Hopefully our youths feel encouraged hearing public figures like Michelle Obama speak against abusive language and behavior. For example, she denounced Trump for his decade old lewd statement that he could grab any woman he wanted. She said his language should not be pushed aside as, “just locker room talk,” as he claimed. She stated that his words were those of a predator, and are not acceptable.
For any of us who grew up hearing Trump’s type of language either normalized, or left unexplained, Our First Lady’s speech was validating to hear. And, I imagine recent similar messages from the Canadian Prime Minister are also boosting women’s morale everywhere.
Hurray! The American public is madly tweeting that they denounce such behavior towards women and minorities, expressing that it is unacceptable.

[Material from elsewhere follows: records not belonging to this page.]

Lemma series_representation_formula b f q q' :
  (forall z, inB z -> series_to b z (f z)) -> inB q -> qsub q (qconj q) <> q0 ->
  qr q' = qr q -> qnorm2 q' = qnorm2 q ->
  f q' = sphere_interp q q' (f q) (f (qconj q)).
Proof.
  intros Hs Bq Hq Hx Hm.
  assert (Hm' : qnorm2 (qconj q) = qnorm2 q) by (unfold qnorm2; simpl; ring).
  assert (Bq' : inB q') by (apply inB_norm2; rewrite Hm; apply inB_norm2, Bq).
  assert (Bc : inB (qconj q)) by (apply inB_norm2; rewrite Hm'; apply inB_norm2, Bq).
  apply (qcv_unique (psum b q')); [apply series_to_qcv, Hs, Bq'|].
  apply (qcv_ext (fun N => sphere_interp q q' (psum b q N) (psum b (qconj q) N))).
  { intros N; destruct (psum_on_sphere b (qr q) (qnorm2 q) N) as (P & Q & HPQ).
    rewrite (HPQ q), (HPQ (qconj q)), (HPQ q') by auto.
    apply sphere_interp_affine, Hq. }
  apply qcv_add; [|apply qcv_mul; [apply qcv_const|]; apply qcv_mul;
                   [apply qcv_const | apply qcv_sub]];
    apply series_to_qcv, Hs; assumption.
Qed.

Lemma series_affine_on_sphere b f q :
  (forall z, inB z -> series_to b z (f z)) -> inB q -> qsub q (qconj q) <> q0 ->
  exists P Q, forall q', qr q' = qr q -> qnorm2 q' = qnorm2 q ->
    f q' = qadd P (qmul q' Q).
Proof.
  intros Hs Bq Hq.
  set (Q := qmul (qinv (qsub q (qconj q))) (qsub (f q) (f (qconj q)))).
  exists (qsub (f q) (qmul q Q)), Q; intros q' Hx Hm.
  rewrite (series_representation_formula b f q q') by assumption.
  unfold sphere_interp; fold Q; clearbody Q; qring.
Qed.

(** * Classical Moebius maps that are power series *)

Definition ui : quat := Quat 0 1 0 0.
Definition uj : quat := Quat 0 0 1 0.
Definition uk : quat := Quat 0 0 0 1.

Lemma qreal_of_sandwich w :
  qmul ui (qmul w ui) = qmul uj (qmul w uj) ->
  qmul ui (qmul w ui) = qmul uk (qmul w uk) -> w = qofR (qr w).
Proof.
  intros Ej Ek.
  pose proof (f_equal qi Ej); pose proof (f_equal qj Ej); pose proof (f_equal qk Ek).
  unfold ui, uj, uk in *; simpl in *; apply quat_ext; simpl; lra.
Qed.

Definition mob_affine_eq (a b c d P Q z : quat) : Prop :=
  qmul (qadd (qmul z c) d) (qadd P (qmul z Q)) = qadd (qmul z a) b.

Lemma slice_pair_eqs y I a b c d P Q : y <> 0 ->
  mob_affine_eq a b c d P Q (qmul (qofR y) I) ->
  mob_affine_eq a b c d P Q (qmul (qofR y) (qopp I)) ->
  qmul (qofR (y * y)) (qmul I (qmul c (qmul I Q))) = qsub b (qmul d P) /\
  qmul d (qmul I Q) = qmul I (qsub a (qmul c P)).
Proof.
  unfold mob_affine_eq; intros Hy Ep Em.
  pose proof (f_equal qr Ep); pose proof (f_equal qi Ep);
  pose proof (f_equal qj Ep); pose proof (f_equal qk Ep);
  pose proof (f_equal qr Em); pose proof (f_equal qi Em);
  pose proof (f_equal qj Em); pose proof (f_equal qk Em).
  simpl in *; split; apply quat_ext; simpl.
  1-4: lra.
  all: apply (Rmult_eq_reg_l y); [lra | exact Hy].
Qed.

Lemma real_cd_of_slice_eqs y a b c d P Q : y <> 0 ->
  qnorm2 a - qnorm2 b = 1 -> qnorm2 c - qnorm2 d = -1 ->
  (forall I, I = ui \/ I = uj \/ I = uk ->
     qmul (qofR (y * y)) (qmul I (qmul c (qmul I Q))) = qsub b (qmul d P) /\
     qmul d (qmul I Q) = qmul I (qsub a (qmul c P))) ->
  c = qofR (qr c) /\ d = qofR (qr d).
Proof.
  intros Hy Nab Ncd H.
  destruct (H ui (or_introl eq_refl)) as [Ei Oi].
  destruct (H uj (or_intror (or_introl eq_refl))) as [Ej Oj].
  destruct (H uk (or_intror (or_intror eq_refl))) as [Ek Ok].
  assert (HQ : Q <> q0).
  { intros ->.
    assert (Ea : a = qmul c P).
    { assert (Z : qmul ui (qsub a (qmul c P)) = q0) by (rewrite <- Oi; qring).
      destruct (qmul_eq0 _ _ Z) as [Z' | Z'].
      - apply (f_equal qi) in Z'; simpl in Z'; lra.
      - transitivity (qadd (qsub a (qmul c P)) (qmul c P)); [qring | rewrite Z'; qring]. }
    assert (Eb : b = qmul d P).
    { transitivity (qadd (qsub b (qmul d P)) (qmul d P)); [qring|].
      rewrite <- Ei; qring. }
    rewrite Ea, Eb, !qnorm2_mul in Nab; pose proof (qnorm2_ge0 P); nra. }
  split; apply qreal_of_sandwich; apply (qmul_cancel_r _ _ Q HQ).
  - apply (qmul_cancel_l (qofR (y * y))); [apply qofR_neq0; nra|].
    rewrite <- !qmul_assoc, Ei, Ej; reflexivity.
  - apply (qmul_cancel_l (qofR (y * y))); [apply qofR_neq0; nra|].
    rewrite <- !qmul_assoc, Ei, Ek; reflexivity.
  - rewrite <- !qmul_assoc, Oi, Oj; qring.
  - rewrite <- !qmul_assoc, Oi, Ok; qring.
Qed.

I feel that with public protest and dialogue, if we are not all numb to bullying, more Americans can continue on their paths towards confidence with renewed passion and hope.
Susan Booth October 28, 2016
Hurray for you! This is so true, and has been for far too long. I certainly fought it in the 70’s & early 80’s as one of only a very few women managers for a large financial company that was all over the south. “Assertiveness” was seen as “Aggression.”
And, yes, sexual harassment was rampant…
Many men still see self-assured, confidant women with strong boundaries as “bitches,” while their male counterparts command more respect for the same behavior… and higher salaries.
And, no, children not only do not understand irony or satire … if not properly explained to them in a way they can understand, they absorb it as the trtruth.
loates66 October 29, 2016
Thanks for helping push that glass ceiling for the rest of us!